Automatic derivation with numpy and PyTorch, torch Implementation of two-layer neural network based on NN Library

Realize the step-by-step deepening from manual derivation to automatic derivation and then to the model.

Implementation of two-layer neural network with numpy

A fully connected ReLU neural network, a hidden layer, no bias, L2 Loss (h is hidden layer, ReLU activation function):

h = W 1 X + b 1 h = W_1 X + b_1 h=W1X+b1
h r e l u = m a x ( 0 , h ) h_relu = max(0, h) hrelu=max(0,h)
y h a t = W 2 a + b 2 y_{hat} = W_2 a + b_2 yhat=W2a+b2

When implemented below b 1 b_1 b1, b 2 b_2 b2 ＾ are all 0, and there is no bias bias bias.

This implementation completely uses numpy to calculate forward neural network, loss, and back propagation.

numpy ndarray is an ordinary n-dimensional array. It does not know any knowledge about deep learning or gradient, nor does it know the calculation graph.

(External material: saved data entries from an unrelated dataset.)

(* The point $p=(v_{0,0},v_{1,0},v_{2,0},\ldots)$ is a fixed point of $T$, and it is the only periodic point of $(X,T)$.
   Context: Paths and cycles: a graph is $G=(V,E)$ with $V$ finite and $E\subset V\times V$. A path is a finite sequence of vertices $(u_0,\dots,u_L)$ with $(u_j,u_{j+1})\in E$; its length is $|\cdot|=L$; a cycle is a path with $u_0=u_L$. For paths where one ends where the next starts, $+$ denotes concatenation and $a\,c$ means the cycle $c$ traversed $a$ times. Construction: $G_0=(V_0,E_0)$ with $V_0=\{v_{0,0}\}$, $E_0=\{e_{0,0}\}$, $e_{0,0}=(v_{0,0},v_{0,0})$. For $n\geq1$, $G_n=(V_n,E_n)$ consists of a vertex $v_{n,0}$, the loop $e_{n,0}=(v_{n,0},v_{n,0})$, and $n$ cycles $c_{n,1},\dots,c_{n,n}$, each starting and ending at $v_{n,0}$, whose vertices other than $v_{n,0}$ are pairwise distinct (within each cycle and across cycles); $V_n$ is the set of all these vertices and $E_n$ consists of $e_{n,0}$ and the edges of the cycles. The maps $\varphi_n\colon V_{n+1}\to V_n$ and the lengths of the cycles $c_{n+1,i}$ are defined together: $\varphi_n(v_{n+1,0})=v_{n,0}$, and for each $i$ a path $P_{n,i}$ in $G_n$ from $v_{n,0}$ to $v_{n,0}$ is given; $c_{n+1,i}$ has length $|P_{n,i}|$ and $\varphi_n$ maps its $j$-th vertex to the $j$-th vertex of $P_{n,i}$ (written $\varphi_n(c_{n+1,i})=P_{n,i}$). The paths are: $P_{0,1}=10\,e_{0,0}$; for $n\geq1$: $P_{n,i}=e_{n,0}+2c_{n,i}+2c_{n,i+1}+\dots+2c_{n,n}+e_{n,0}$ for $2\leq i\leq n$; $P_{n,n+1}=(n+2)^2\big(\sum_{i=1}^n|c_{n,i}|\big)\,e_{n,0}$; and $P_{n,1}=(1\,e_{n,0}+2c_{n,1})+(2\,e_{n,0}+2c_{n,1})+\dots+(k_n\,e_{n,0}+2c_{n,1})+e_{n,0}+2c_{n,2}+\dots+2c_{n,n}+e_{n,0}$, where $k_n=2\big(1+\sum_{i=1}^n|c_{n,i}|\big)$. Let $X=\{x\in\prod_{n\geq0}V_n:\varphi_n(x_{n+1})=x_n\ \forall n\}$ with metric $d(x,y)=2^{-\min\{i:x_i\neq y_i\}}$ ($d(x,x)=0$); $X$ is a compact zero-dimensional metric space, and $T\colon X\to X$ defined by $T(x)=y$ iff $(x_n,y_n)\in E_n$ for all $n$ is a well-defined homeomorphism. Write $x_n$ for the $n$-th coordinate of $x$. *)

From mathcomp Require Import all_boot.
Set Implicit Arguments. Unset Strict Implicit. Unset Printing Implicit Defensive.

(* Vertices of G_n are encoded as pairs of naturals:
   (0,0)  = v_{n,0};
   (i,j)  = j-th vertex of the cycle c_{n,i}, for 1 <= i <= n, 1 <= j < |c_{n,i}|.
   A path (u_0,...,u_L) is encoded as the vertex list [:: u_0; ...; u_L];
   its length is size - 1. *)
Definition vtx := (nat * nat)%type.
Definition base : vtx := (0, 0).

(* concatenation of paths p + q (q starts where p ends) *)
Definition pcat (p q : seq vtx) : seq vtx := p ++ behead q.
Fixpoint rep (a : nat) (c : seq vtx) : seq vtx :=
  if a is a'.+1 then pcat c (rep a' c) else [:: base].
Definition loop : seq vtx := [:: base; base].
(* the cycle c_{n,i}, given the list ls of cycle lengths [|c_{n,1}|;...;|c_{n,n}|] *)
Definition cyc (ls : seq nat) (i : nat) : seq vtx :=
  base :: [seq (i, j) | j <- iota 1 (nth 0 ls i.-1).-1] ++ [:: base].
Definition cycsum (ls : seq nat) (i n : nat) : seq vtx :=
  foldr (fun k p => pcat (rep 2 (cyc ls k)) p) [:: base] (iota i (n.+1 - i)).

Definition Ppath (n : nat) (ls : seq nat) (i : nat) : seq vtx :=
  if n == 0 then rep 10 loop
  else if i == 1 then
    let kn := 2 * (1 + sumn ls) in
    pcat (foldr (fun a p => pcat (pcat (rep a loop) (rep 2 (cyc ls 1))) p)
                [:: base] (iota 1 kn))
         (pcat loop (pcat (cycsum ls 2 n) loop))
  else if i <= n then pcat loop (pcat (cycsum ls i n) loop)
  else rep ((n + 2) ^ 2 * sumn ls) loop.

(* lens n = [:: |c_{n,1}|; ...; |c_{n,n}|] *)
Fixpoint lens (n : nat) : seq nat :=
  if n is m.+1 then [seq (size (Ppath m (lens m) i)).-1 | i <- iota 1 m.+1]
  else [::].

Definition inV (n : nat) (v : vtx) : bool :=
  (v == base) || [&& 1 <= v.1 <= n & 1 <= v.2 < nth 0 (lens n) v.1.-1].

Definition inE (n : nat) (u w : vtx) : Prop :=
  (u = base /\ w = base) \/
  exists i j, [/\ 1 <= i <= n, j < nth 0 (lens n) i.-1,
                  u = nth base (cyc (lens n) i) j &
                  w = nth base (cyc (lens n) i) j.+1].

Definition phi (n : nat) (v : vtx) : vtx :=
  if v == base then base else nth base (Ppath n (lens n) v.1) v.2.

Definition inX (x : nat -> vtx) : Prop :=
  forall n, inV n (x n) /\ phi n (x n.+1) = x n.

(* the graph of T : T x = y iff (x_n, y_n) in E_n for all n *)
Definition Trel (x y : nat -> vtx) : Prop := forall n, inE n (x n) (y n).

Definition periodic (x : nat -> vtx) : Prop :=
  inX x /\ exists k, 0 < k /\ exists s : nat -> nat -> vtx,
    [/\ s 0 = x, s k = x &
        forall m, m < k -> inX (s m) /\ Trel (s m) (s m.+1)].

Definition pt : nat -> vtx := fun _ => base.

(* If x is not the fixed point p, some coordinate x_n0 is not v_{n0,0}, and since
   phi_n maps v_{n+1,0} to v_{n,0} neither is any higher coordinate.  For n large,
   x_n sits on a cycle c_{n,i} of length at least n, and T moves it one step along
   that cycle; to come back to x_n it must go round the whole cycle, so its period
   is at least n.  Taking n beyond the period gives a contradiction. *)
From Pilot Require Import Defs.
From mathcomp Require Import all_boot.
From mathcomp Require Import zify.
From Stdlib Require Import FunctionalExtensionality.

Definition plen (p : seq vtx) : nat := (size p).-1.

Lemma pcat_neq0 p q : p != [::] -> pcat p q != [::].
Proof. by case: p. Qed.

Lemma rep_neq0 a c : c != [::] -> rep a c != [::].
Proof. by case: a => //= a; apply: pcat_neq0. Qed.

Lemma foldr_neq0 (T : Type) (f : T -> seq vtx -> seq vtx) s :
  (forall a p, f a p != [::]) -> foldr f [:: base] s != [::].
Proof. by move=> f_neq0; case: s => //= a s; apply: f_neq0. Qed.

Lemma cycsum_neq0 ls i n : cycsum ls i n != [::].
Proof. by apply: foldr_neq0 => ? ?; apply/pcat_neq0/rep_neq0. Qed.

Lemma plen_pcat p q : p != [::] -> q != [::] -> plen (pcat p q) = plen p + plen q.
Proof. by case: p => // x p _; case: q => // y q _; rewrite /plen /pcat /= size_cat. Qed.

Lemma plen_rep a c : c != [::] -> plen (rep a c) = a * plen c.
Proof.
move=> c_neq0; elim: a => [|a IH] /=; first by rewrite mul0n.
by rewrite plen_pcat ?rep_neq0 // IH mulSn.
Qed.

Lemma plen_cyc ls i : plen (cyc ls i) = (nth 0 ls i.-1).-1.+1.
Proof. by rewrite /plen /cyc /= size_cat size_map size_iota addn1. Qed.

Lemma plen_cycsum_ge ls i n : i <= n -> 2 * plen (cyc ls i) <= plen (cycsum ls i n).
Proof.
move=> le_in; rewrite /cycsum (_ : n.+1 - i = (n - i).+1); last by lia.
cbn [iota foldr]; rewrite plen_pcat ?rep_neq0 //; last exact: cycsum_neq0.
by rewrite plen_rep //; lia.
Qed.

Lemma Ppath_plen_ge n i : 0 < i ->
    (forall j, 0 < j <= n -> n <= nth 0 (lens n) j.-1) ->
  n.+1 <= plen (Ppath n (lens n) i).
Proof.
move=> i_gt0 lens_ge.
rewrite /Ppath; case: eqP => [->|/eqP n_neq0]; first by rewrite plen_rep.
have lens1_ge : n <= nth 0 (lens n) 0 by apply: (lens_ge 1); lia.
have loop_neq0 : loop != [::] by [].
have blocks_neq0 s : foldr (fun a p => pcat (pcat (rep a loop) (rep 2 (cyc (lens n) 1))) p)
                       [:: base] s != [::].
  by apply: foldr_neq0 => ? ?; apply/pcat_neq0/pcat_neq0/rep_neq0.
case: eqP => [_|/eqP i_neq1].
  rewrite plen_pcat ?pcat_neq0 //; set kn := 2 * _.
  rewrite (_ : kn = kn.-1.+1); last by rewrite /kn; lia.
  cbn [iota foldr].
  rewrite plen_pcat ?pcat_neq0 ?rep_neq0 // plen_pcat ?rep_neq0 //.
  by rewrite [plen (rep 2 _)]plen_rep // plen_cyc /=; lia.
case: ifP => le_in.
  rewrite plen_pcat ?pcat_neq0 ?cycsum_neq0 // plen_pcat ?cycsum_neq0 //.
  by have := @plen_cycsum_ge (lens n) i n le_in; rewrite plen_cyc; have := lens_ge i; lia.
rewrite plen_rep // /plen /=.
suff : nth 0 (lens n) 0 <= sumn (lens n) by nia.
by case: (lens n) => //= a s; lia.
Qed.

Lemma lens_ge n i : 0 < i <= n -> n <= nth 0 (lens n) i.-1.
Proof.
elim: n i => [|n IH] i /andP[i_gt0 le_in]; first lia.
rewrite (_ : lens n.+1 = [seq (size (Ppath n (lens n) k)).-1 | k <- iota 1 n.+1]) //.
rewrite (nth_map 0) ?size_iota; last lia.
rewrite nth_iota; last lia.
rewrite (_ : 1 + i.-1 = i); last lia.
by apply: Ppath_plen_ge => //; lia.
Qed.

Definition cycpos (i : nat) (v : vtx) : nat := if v.1 == i then v.2 else 0.

Lemma nth_cyc ls i t :
  nth base (cyc ls i) t = if 0 < t <= (nth 0 ls i.-1).-1 then (i, t) else base.
Proof.
case: t => [|t] //=; rewrite nth_cat size_map size_iota.
case: ltnP => lt_t.
  by rewrite (nth_map 0) ?size_iota // nth_iota // add1n lt_t.
by case: (_ - _) => [|[]].
Qed.

Lemma cycpos_edge_le n i u w : Defs.inE n u w -> cycpos i w <= (cycpos i u).+1.
Proof.
case=> [[-> ->]|[i' [j [_ _ -> ->]]]]; first by rewrite /cycpos /=; case: eqP.
rewrite !nth_cyc; case: (0 < j <= _) / idP; case: (0 < j.+1 <= _) / idP;
  rewrite /cycpos /=; repeat case: eqP => /=; lia.
Qed.

Lemma cycpos_edge n i u w : 0 < cycpos i u -> Defs.inE n u w ->
  cycpos i w = (cycpos i u).+1 \/
  (cycpos i w = 0 /\ nth 0 (lens n) i.-1 <= (cycpos i u).+1).
Proof.
move=> pos_gt0 [[eu _]|[i' [j [_ _ eu ew]]]].
  by move: pos_gt0; rewrite eu /cycpos /=; case: eqP.
move: pos_gt0; rewrite eu ew !nth_cyc; set M := (nth 0 _ _).-1.
case: (0 < j <= M); last by rewrite /cycpos /=; case: eqP.
rewrite /cycpos /=; case: eqP => //= <- _.
case Mj: (j < M); [by left; rewrite eqxx | right].
by case: eqP => /= [|_]; rewrite /M in Mj; lia.
Qed.

Lemma counter_return_ge N k (f : nat -> nat) :
    (forall m, m < k -> f m.+1 <= (f m).+1) ->
    (forall m, m < k -> 0 < f m -> f m.+1 = (f m).+1 \/ (f m.+1 = 0 /\ N <= (f m).+1)) ->
  0 < k -> 0 < f 0 -> f k = f 0 -> N <= k.
Proof.
move=> f_le f_step k_gt0 f0_gt0 fk.
have inv m : m <= k -> f m = f 0 + m \/ f m + N <= m + f 0.
  elim: m => [_|m IH lt_mk]; first by left; rewrite addn0.
  have := f_le m lt_mk; case: (IH (ltnW lt_mk)) => fm; last by right; lia.
  by case: (f_step m lt_mk); lia.
by have := inv k (leqnn k); rewrite fk; lia.
Qed.

Lemma inX_above_neq_base x n m : inX x -> x n != base -> x (n + m) != base.
Proof.
move=> Xx xn; elim: m => [|m IH]; first by rewrite addn0.
rewrite addnS; apply: contra IH => /eqP xS.
by have [_ <-] := Xx (n + m); rewrite xS /phi eqxx.
Qed.

Lemma period_ge_cycle_length x k (s : nat -> nat -> vtx) n :
    0 < k -> s 0 = x -> s k = x -> (forall m, m < k -> Trel (s m) (s m.+1)) ->
    inV n (x n) -> x n != base ->
  nth 0 (lens n) (x n).1.-1 <= k.
Proof.
move=> k_gt0 s0 sk sT; rewrite /inV => /orP[->//|/andP[_ /andP[j_gt0 _]]] _.
apply: (@counter_return_ge _ _ (fun m => cycpos (x n).1 (s m n))) => //.
- by move=> m /sT /(_ n); apply: cycpos_edge_le.
- by move=> m /sT /(_ n) edge pos_gt0; apply: cycpos_edge.
- by rewrite s0 /cycpos eqxx.
- by rewrite s0 sk.
Qed.

Theorem lemma3p2 :
  inX pt /\ Trel pt pt /\ (forall x, periodic x -> x = pt).
Proof.
split; first by move=> n; rewrite /pt /inV eqxx /phi eqxx.
split; first by move=> n; left.
move=> x [Xx [k [k_gt0 [s [s0 sk sT]]]]].
apply: functional_extensionality => n0; apply/eqP/negPn/negP => x_n0.
pose n := n0 + k.+1.
have x_n : x n != base := @inX_above_neq_base x n0 k.+1 Xx x_n0.
have [Vn _] := Xx n.
have period_ge := @period_ge_cycle_length x k s n k_gt0 s0 sk (fun m lt_mk => (sT m lt_mk).2) Vn x_n.
move: Vn; rewrite /inV (negbTE x_n) => /andP[/andP[i_gt0 le_in] _].
have lens_n : n <= nth 0 (lens n) (x n).1.-1 by apply: lens_ge; rewrite i_gt0 le_in.
have : k < n by rewrite /n; lia.
lia.
Qed.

It is just a data structure used to calculate mathematical operations.

import numpy as np

N, D_in, H, D_out = 64, 1000, 100, 10 #64 training data (just a batch). The input is 1000 dimensions, the hidden is 100 dimensions and the output is 10 dimensions

'''Randomly create some training data'''
X = np.random.randn(N, D_in)
y = np.random.randn(N, D_out)

W1 = np.random.randn(D_in, H)  #1000 to 100 dimensions
W2 = np.random.randn(H, D_out)  #100 to 10 dimensions

learning_rate = 1e-6

for t in range(500):  #Do 500 iterations
    '''Forward propagation( forward pass)'''
    h = X.dot(W1)  # N * H
    h_relu = np.maximum(h, 0)  #Activation function, N * H
    y_hat = h_relu.dot(W2)  # N * D_out
    
    '''Calculation loss function( compute loss)'''
    loss = np.square(y_hat - y).sum()  #Mean square error, ignoring ÷ N
    print(t, loss)  #Print loss per iteration
    
    '''Backward propagation( backward pass)'''
    #Calculate the gradient (torch is not used here. The most common chain derivative is used to get d{loss}/dX)
    grad_y_hat = 2.0 * (y_hat - y)  # d{loss}/d{y_hat}，N * D_out
    grad_W2 = h_relu.T.dot(grad_y_hat)  #Look at the third formula in forward propagation, d{loss}/d{W2}, H * D_out
    grad_h_relu = grad_y_hat.dot(W2.T)  #Look at the third formula in forward propagation, d{loss}/d{h_relu}, N * H
    grad_h = grad_h_relu.copy()  #This is the case when H > 0, d{h_relu}/d{h}=1
    grad_h[h<0] = 0  # d{loss}/d{h}
    grad_W1 = X.T.dot(grad_h)  #Look at the first expression in forward propagation, d{loss}/d{W1}
    
    '''Parameter update( update weights of W1 and W2)'''
    W1 -= learning_rate * grad_W1
    W2 -= learning_rate * grad_W2

0 36455139.29176882
1 35607818.495988876
2 36510242.60519045
3 32972837.109358862
4 23623067.52618093
5 13537226.736260608
6 6806959.784455631
7 3501526.30896816
8 2054356.1020693523
9 1400230.6793163505
...
490 3.4950278045838633e-06
491 3.3498523609301454e-06
492 3.210762995939165e-06
493 3.0774805749939447e-06
494 2.9500114328045522e-06
495 2.827652258736098e-06
496 2.710379907890261e-06
497 2.5980242077038875e-06
498 2.490359305069476e-06
499 2.387185101594446e-06

We can see that the final loss is getting smaller and smaller. Now let's take a look at the proximity between the predicted value and the real value

y_hat - y

array([[ 9.16825615e-06, -1.53964987e-05,  6.58365129e-06,
        -3.08909604e-05,  1.05735798e-05,  1.73376919e-05,
         2.63084233e-06, -1.11662576e-05,  1.06904464e-05,
        -1.71528894e-05],
       ...
       [-5.79062537e-06, -1.74789200e-05,  5.27619647e-06,
        -7.82154474e-06,  3.39896752e-06,  1.08366770e-05,
         8.28712496e-06, -8.88009103e-06,  5.78585909e-06,
        -1.14913078e-05]])

It can be seen that their difference is very small, that is, we are successful.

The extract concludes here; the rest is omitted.